Editorial: O quarto minguante de Erdogan

A corrupção bateu à porta do Governo, que Erdogan foi obrigado a remodelar. Mas o líder do partido islâmico AKP não está disposto a deixar a Justiça minar as bases do seu poder. Um procurador que estaria a investigar os filhos do chefe do Governo foi afastado. O Conselho Supremo dos Juízes e dos Procuradores bloqueou um decreto do Governo, que obrigava os investigadores a revelarem os resultados das suas investigações aos superiores hierárquicos.
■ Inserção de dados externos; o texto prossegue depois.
Lemma wcvg_poisson_mix (ms : nat -> nat -> probability R R)
    (m : nat -> probability R R) :
  (forall n, wcvg (fun k => ms k n) (m n)) ->
  wcvg (fun k => prob_of (poisson_mix_prob (ms k)))
       (prob_of (poisson_mix_prob m)).
Proof.
move=> msm g bg; have [M M0 gM] := bounded_continuous_bound bg.
pose phi x := g x + M.
have bphi : bounded_continuous phi.
  split; first by move=> x; apply: cvgD; [exact: bg.1|exact: cvg_cst].
  exists (M + M) => x; apply: le_trans (ler_normD _ _) _.
  by rewrite [`|M|]ger0_norm // lerD.
have bmphi := bounded_continuous_measurable bphi.
have phi_ge0 x : 0 <= phi x by have := gM x; rewrite ler_norml /phi => /andP[]; lra.
have phiE Q : Ex Q g = Ex Q phi - M.
  rewrite ExD ?Ex_cst ?addrK //; first exact: bounded_continuous_measurable.
  exact: bounded_measurable_cst.
rewrite phiE; under eq_fun do rewrite phiE.
apply: cvgB; last exact: cvg_cst.
suff : (Ex (prob_of (poisson_mix_prob (ms k))) phi)%:E @[k --> \oo] -->
    (Ex (prob_of (poisson_mix_prob m)) phi)%:E by exact: fine_cvg.
rewrite Ex_poisson_mix //; under eq_fun do rewrite Ex_poisson_mix //.
apply: (@cvg_nneseries_dominated _ _ _ _ (M + M)) => [n|||n|n].
- exact: poissonP_ge0.
- by rewrite poissonP_sum ltry.
- move=> k n; rewrite Ex_ge0 //=; apply: le_trans (ler_norm _) _.
  apply: normr_Ex_bound => // x; rewrite ger0_norm // lerD //.
  exact: le_trans (ler_norm _) (gM x).
- exact: Ex_ge0.
- exact: msm.
Qed.

Lemma continuous_on_P_poisson_mix (S : (set R -> \bar R) -> set R -> \bar R)
    (mm : probability R R -> nat -> probability R R) :
  (forall rho (hr : is_probability rho) A, measurable A ->
    S rho A = poisson_mix (mm (prob_of hr)) A) ->
  (forall Ps P n, wcvg Ps P -> wcvg (fun k => mm (Ps k) n) (mm P n)) ->
  continuous_on_P S.
Proof.
move=> SE mm_cvg; split => [rho [hr _]|rhos rho hrs [hr _] rhos_rho phi tphi].
  exact: is_probability_eq (SE rho hr) (poisson_mix_prob _).
have bphi := test_fun_bounded_continuous tphi.
have integralS rho' (hr' : is_probability rho') :
    (\int[S rho']_x (phi x)%:E)%E =
    (Ex (prob_of (poisson_mix_prob (mm (prob_of hr')))) phi)%:E.
  rewrite -integral_prob_of; last exact: bounded_continuous_measurable.
  by apply: eq_on_measurable_integral => A mA; rewrite SE.
rewrite (integralS _ hr); under eq_fun do rewrite (integralS _ (hrs _).1).
apply: cvg_EFin; first exact: nearW.
apply: wcvg_poisson_mix bphi => n; apply: mm_cvg.
exact: weak_cvg_wcvg.
Qed.

End poisson_mixture.

Section Sigma_as_poisson_mixture.
Variables (R : realType) (f : R -> R) (lam : R).
Hypothesis f_cont : continuous f.

Lemma hk_continuous k : continuous (hk f k).
Proof. by move=> x; apply: cvgM; [exact: f_cont|exact: cvg_cst]. Qed.

Definition hk_mfun k : {mfun R >-> R} := mfun_of_continuous (@hk_continuous k).

Definition SigmaX_term x (P : probability R R) n : probability R R :=
  distribution (pconv \d_x (pconvn P n)) (hk_mfun n.+1).

Definition Sigma_term (P : probability R R) n : probability R R :=
  distribution (pconvn P n.+1) (hk_mfun n.+1).

Lemma SigmaX_poisson_mix x rho (hr : is_probability rho) A : measurable A ->
  SigmaX f lam x rho A = poisson_mix lam (SigmaX_term x (prob_of hr)) A.
Proof.
move=> mA; apply: eq_eseriesr => n _; congr (_ * _)%E.
have mhA : measurable (hk f n.+1 @^-1` A).
  exact: (measurable_funPTI (hk_mfun n.+1)).
transitivity (Defs.conv \d_x (pconvn (prob_of hr) n) (hk f n.+1 @^-1` A)).
  by apply: eq_on_measurable_conv => // B mB; exact: convn_prob_of.
by rewrite convE.
Qed.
Depois de ter derrotado os seus principais inimigos políticos, em particular o Exército e o Estado laico herdeiro dos princípios kemalistas e de ter presidido a uma década de grande crescimento económico, Erdogan parece ter ido demasiado longe. As tentativas de impor uma agenda islâmica além do que é tolerado pela componente laica da sociedade turca e a forma cada vez mais autocrática como exerce o poder indicam que ele talvez seja menos o defensor de um islão democrático, à imagem e espelho dos partidos democratas-cristãos europeus, do que um autocrata legitimado pelo voto.
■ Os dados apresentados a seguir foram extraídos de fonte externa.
(* Let $p > 0$, let $X$ be a random variable on a probability space with $X \ge 0$ almost surely and $X \in L^p$ (i.e. $E X^p < \infty$), and let $0 < r < s \le p/2$. Then $$\operatorname{Var}(X^r)^{1/r} \le \operatorname{Var}(X^s)^{1/s}.$$
   Context: $\operatorname{Var}(Y) = E(Y^2) - (EY)^2$ denotes the variance of a square-integrable random variable $Y$. Statements such as $X\ge 0$ are meant almost surely. *)

From mathcomp Require Import all_boot all_order all_algebra.
From mathcomp Require Export all_classical all_reals all_analysis.

From mathcomp Require Import all_boot all_order all_algebra.
From mathcomp Require Import all_classical all_reals all_analysis.
From mathcomp Require Import measurable_realfun.
Import Order.TTheory GRing.Theory Num.Theory.
Local Open Scope ring_scope.

(* Put Y = X `^ s and t = r / s, so that X `^ r = Y `^ t, 0 < t < 1, and Y is
   square integrable because 2 s <= p.  For Y >= 0 with mean a,
     Var (Y^t) <= E (Y^t - a^t)^2    (the mean minimises the quadratic deviation)
               <= E ((Y - a)^2)^t    (y |-> y^t is subadditive on [0, +oo))
               <= (E (Y - a)^2)^t    (Jensen, y |-> y^t is concave)
                = Var (Y)^t,
   and taking r-th roots gives Var (X^r)^(1/r) <= Var (Y)^(t/r) = Var (X^s)^(1/s). *)

Section powR_inequalities.
Context {R : realType}.
Implicit Types a b x t u v : R.

Lemma powR_subadditive a b t : 0 <= a -> 0 <= b -> 0 < t <= 1 ->
  (a + b) `^ t <= a `^ t + b `^ t.
Proof.
move=> a0 b0 /andP[t0 t1].
have [->|c_neq0] := eqVneq (a + b) 0.
  by rewrite powR0 ?gt_eqF// addr_ge0// powR_ge0.
set c := a + b; have c0 : 0 < c by rewrite lt_neqAle eq_sym c_neq0 addr_ge0.
(* Normalise by c: on [0, 1] the map z |-> z `^ t lies above the identity. *)
have frac_le z : 0 <= z <= c -> z / c <= (z / c) `^ t.
  move=> /andP[z0 zc]; have [->|z_neq0] := eqVneq z 0.
    by rewrite mul0r powR0 ?gt_eqF.
  apply: ger1_powR t1; rewrite divr_gt0 ?ler_pdivrMr// ?mul1r//.
  by rewrite lt_neqAle eq_sym z_neq0.
have scale z : 0 <= z -> z `^ t = c `^ t * (z / c) `^ t.
  by move=> z0; rewrite -powRM ?divr_ge0 ?(ltW c0)// mulrCA divff ?gt_eqF// mulr1.
rewrite (scale a) // (scale b) // -mulrDr -[leLHS]mulr1.
apply: ler_wpM2l; first exact: powR_ge0.
have -> : 1 = a / c + b / c by rewrite -mulrDl divff ?gt_eqF.
by apply: lerD; apply: frac_le; rewrite ?a0 ?b0 /c ?lerDl ?lerDr.
Qed.

Lemma dist_powR_le x a t : 0 <= x -> 0 <= a -> 0 < t <= 1 ->
  `|x `^ t - a `^ t| <= `|x - a| `^ t.
Proof.
move=> x0 a0 t01.
wlog ax : x a x0 a0 / a <= x.
  move=> H; have [|xa] := leP a x; first exact: H.
  by rewrite distrC (distrC x); apply: H => //; exact: ltW.
have t0 : 0 <= t by case/andP: t01 => /ltW.
rewrite !ger0_norm ?subr_ge0 ?ge0_ler_powR// lerBlDl.
have xa0 : 0 <= x - a by rewrite subr_ge0.
by have := powR_subadditive (x - a) a t xa0 a0 t01; rewrite subrK addrC.
Qed.

Lemma sqr_dist_powR_le x a t : 0 <= x -> 0 <= a -> 0 < t <= 1 ->
  (x `^ t - a `^ t) ^+ 2 <= ((x - a) ^+ 2) `^ t.
Proof.
move=> x0 a0 t01.
rewrite -[(x - a) ^+ 2]real_normK ?num_real// -[`|x - a| ^+ 2]powR_mulrn//.
rewrite -powRrM mulrC powRrM powR_mulrn ?powR_ge0// -real_normK ?num_real//.
by rewrite lerXn2r ?nnegrE ?powR_ge0// dist_powR_le.
Qed.

Lemma powR_le_1_add_norm x u v : 0 <= u <= v -> x `^ u <= 1 + `|x| `^ v.
Proof.
move=> /andP[u0 uv].
have [x_lt0|x0] := ltP x 0; first by rewrite lt0_powR1// lerDl powR_ge0.
have [x1|x_gt1] := leP x 1.
  have : x `^ u <= 1 `^ u by rewrite ge0_ler_powR ?nnegrE.
  by rewrite powR1 => /le_trans; apply; rewrite lerDl powR_ge0.
by rewrite ger0_norm// ler_wpDl// ler_powR// ltW.
Qed.

End powR_inequalities.

Section variance_of_powers.
Context {d : measure_display} {T : measurableType d} {R : realType}
  {P : probability T R}.
Local Open Scope ereal_scope.

Lemma Lfun2_of_sqr_le_powR (X f : T -> R) (p : R) : (0 < p)%R ->
  X \in Lfun P p%:E -> measurable_fun setT f ->
  (forall x, f x ^+ 2 <= 1 + `|X x| `^ p)%R -> f \in Lfun P 2%:E.
Proof.
move=> p0; rewrite inE => /andP[mX XL] mf f_le; rewrite inE/= in mX.
have iX : \int[P]_x (`|X x| `^ p)%:E < +oo.
  move: XL; rewrite inE/= /finite_norm unlock /Lnorm => /lty_poweRy.
  by rewrite invr_neq0 ?gt_eqF//; apply.
rewrite inE; apply/andP; split; rewrite inE//= /finite_norm unlock /Lnorm poweR_lty//.
under eq_integral => x _ do rewrite (_ : `|(EFin \o f) x| `^ 2 = (`|f x| `^ 2)%:E)//.
have mXp : measurable_fun setT (fun x => `|X x| `^ p)%R.
  by apply: (measurableT_comp (measurable_powR _)); exact: measurableT_comp.
apply: (@le_lt_trans _ _ (\int[P]_x ((1 + `|X x| `^ p)%R)%:E)).
  apply: ge0_le_integral => //.
  - apply: measurableT_comp => //.
    by apply: (measurableT_comp (measurable_powR _)); exact: measurableT_comp.
  - by apply: measurableT_comp => //; exact: measurable_funD.
  - by move=> x _; rewrite /= lee_fin powR_mulrn// real_normK ?num_real.
under eq_integral => x _ do rewrite EFinD.
rewrite ge0_integralD//; last exact: measurableT_comp.
by rewrite integral_cst// mul1e lte_add_pinfty// ltey_eq fin_num_measure.
Qed.

(* Jensen's inequality for the concave map w |-> w `^ t, obtained from Hoelder
   with exponents 1/t and 1/(1-t) applied to W `^ t and the constant 1. *)
Lemma expectation_powR_le (W : T -> R) (t : R) : measurable_fun setT W ->
  (forall x, 0 <= W x)%R -> (0 < t < 1)%R ->
  'E_P[fun x => W x `^ t]%R <= 'E_P[W] `^ t.
Proof.
move=> mW W0 /andP[t0 t1].
have mWt : measurable_fun setT (fun x => W x `^ t)%R.
  exact: (measurableT_comp (measurable_powR _)).
have := @hoelder _ _ _ P (fun x => W x `^ t)%R (cst 1)%R t^-1 (1 - t)^-1 mWt
  (measurable_cst _).
rewrite invr_gt0 t0 invr_gt0 subr_gt0 t1 !invrK subrKC => /(_ isT isT erefl).
rewrite Lnorm1.
have -> : \int[P]_x `|(EFin \o ((fun x => W x `^ t) \* cst 1)%R) x| =
    'E_P[fun x => W x `^ t]%R.
  rewrite expectation.unlock; apply: eq_integral => x _.
  by rewrite /= mulr1 ?abse_EFin ger0_norm// powR_ge0.
have -> : 'N[P]_(t^-1)%:E[EFin \o (fun x => W x `^ t)%R] = 'E_P[W] `^ t.
  rewrite Lnorm.unlock /Lnorm invrK expectation.unlock; congr (_ `^ _).
  apply: eq_integral => x _.
  by rewrite /= ?abse_EFin ?poweR_EFin ger0_norm ?powR_ge0// -powRrM mulfV ?gt_eqF// powRr1.
have -> : 'N[P]_((1 - t)^-1)%:E[EFin \o cst 1%R] = 1.
  rewrite Lnorm.unlock /Lnorm.
  under eq_integral => x _ do rewrite /= ?abse_EFin ?poweR_EFin normr1 powR1.
  by rewrite integral_cst//= mul1e probability_setT poweR1r.
by rewrite mule1.
Qed.

Lemma variance_le_expectation_sqrB (Z : T -> R) (b : R) : Z \in Lfun P 2%:E ->
  'V_P[Z] <= 'E_P[fun x => (Z x - b) ^+ 2]%R.
Proof.
move=> Z2; rewrite -(varianceB_cst_r b Z2) varianceE; last first.
  rewrite rpredB//; first by rewrite lee1n.
  by move=> ?; exact: Lfun_cst.
by rewrite geeDl// oppe_le0 sqre_ge0.
Qed.

Lemma variance_powR_le (Y : T -> R) (t : R) : (forall x, 0 <= Y x)%R ->
  Y \in Lfun P 2%:E -> (0 < t < 1)%R ->
  'V_P[fun x => Y x `^ t]%R <= 'V_P[Y] `^ t.
Proof.
move=> Y0 Y2 t01; have /andP[t0 t1] := t01.
have mY : measurable_fun setT Y by have := sub_Lfun_mfun Y2; rewrite inE.
have mYt : measurable_fun setT (fun x => Y x `^ t)%R.
  exact: (measurableT_comp (measurable_powR _)).
have Yt2 : (fun x => Y x `^ t)%R \in Lfun P 2%:E.
  apply: (Lfun2_of_sqr_le_powR _ _ _ _ Y2) => // x.
  rewrite -powR_mulrn ?powR_ge0// -powRrM powR_le_1_add_norm//.
  by rewrite mulr_ge0 ?(ltW t0)//=; apply: ler_piMl; rewrite ?(ltW t1).
set a := fine 'E_P[Y].
have a0 : (0 <= a)%R by apply/fine_ge0/expectation_ge0.
have mYa : measurable_fun setT (fun x => (Y x - a) ^+ 2)%R.
  by apply: measurable_funX; exact: measurable_funB.
apply: le_trans (variance_le_expectation_sqrB _ (a `^ t) Yt2) _.
apply: (@le_trans _ _ 'E_P[fun x => ((Y x - a) ^+ 2) `^ t]%R).
  apply: expectation_le => [||x|x|]; rewrite ?sqr_ge0 ?powR_ge0//.
  - by apply: measurable_funX; exact: measurable_funB.
  - exact: (measurableT_comp (measurable_powR _)).
  - by apply: aeW => x; apply: sqr_dist_powR_le; rewrite ?t0 ?(ltW t1).
have -> : 'V_P[Y] = 'E_P[fun x => (Y x - a) ^+ 2]%R.
  by rewrite /variance covariance.unlock.
by apply: expectation_powR_le => // x; exact: sqr_ge0.
Qed.

End variance_of_powers.

Theorem corollary2p3 (d : measure_display) (T : measurableType d) (R : realType)
  (P : probability T R) (X : T -> R) (p r s : R) :
  0 < p ->
  {ae P, forall w, 0 <= X w} ->
  X \in Lfun P p%:E ->
  0 < r -> r < s -> s <= p / 2 ->
  (('V_P[fun w => (X w `^ r)%R]) `^ r^-1 <= ('V_P[fun w => (X w `^ s)%R]) `^ s^-1)%E.
Proof.
move=> p0 _ Xp r0 rs sp; have s0 : 0 < s := lt_trans r0 rs.
have mX : measurable_fun setT X by have := sub_Lfun_mfun Xp; rewrite inE.
set Y := fun w => X w `^ s.
have Y2 : Y \in Lfun P 2%:E.
  apply: (Lfun2_of_sqr_le_powR _ _ _ p0 Xp) => [|w].
    exact: (measurableT_comp (measurable_powR _)).
  rewrite -powR_mulrn ?powR_ge0// -powRrM powR_le_1_add_norm//.
  by rewrite mulr_ge0 ?(ltW s0)//= -ler_pdivlMr.
have -> : (fun w => X w `^ r) = fun w => Y w `^ (r / s).
  by apply/funext => w; rewrite /Y -powRrM mulrCA divff ?gt_eqF// mulr1.
have t01 : 0 < r / s < 1 by rewrite divr_gt0//= ltr_pdivrMr// mul1r.
have -> : ('V_P[Y] `^ s^-1 = ('V_P[Y] `^ (r / s)) `^ r^-1)%E.
  by rewrite -poweRrM mulrAC divff ?gt_eqF// mul1r.
rewrite gt0_ler_poweR ?invr_ge0 ?(ltW r0)// ?in_itv/= ?variance_ge0 ?poweR_ge0 ?leey//.
by apply: variance_powR_le => // w; exact: powR_ge0.
Qed.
A força do AKP foi sempre a sua moderação, que lhe dava vantagem moral no combate às elites laicas que se eternizavam no poder e recorriam ao Exército sempre que este estava em risco. As acusações de corrupção são devastadoras para um partido cuja base ideológica é uma moral religiosa.

As movimentações da Justiça estarão a surgir como uma retaliação de Fethullan Gülen, durante anos um poderoso aliado do AKP, que o primeiro-ministro decidiu também atacar. A ambição de Erdogan levou-o a travar um combate fratricida. E, poucos meses após os confrontos na Praça Taksim, a dimensão autoritária do seu poder voltou a emergir. Erdogan queria apresentar-se ao mundo como o símbolo de um islão democrático. Essa imagem parece ter entrado no quarto minguante.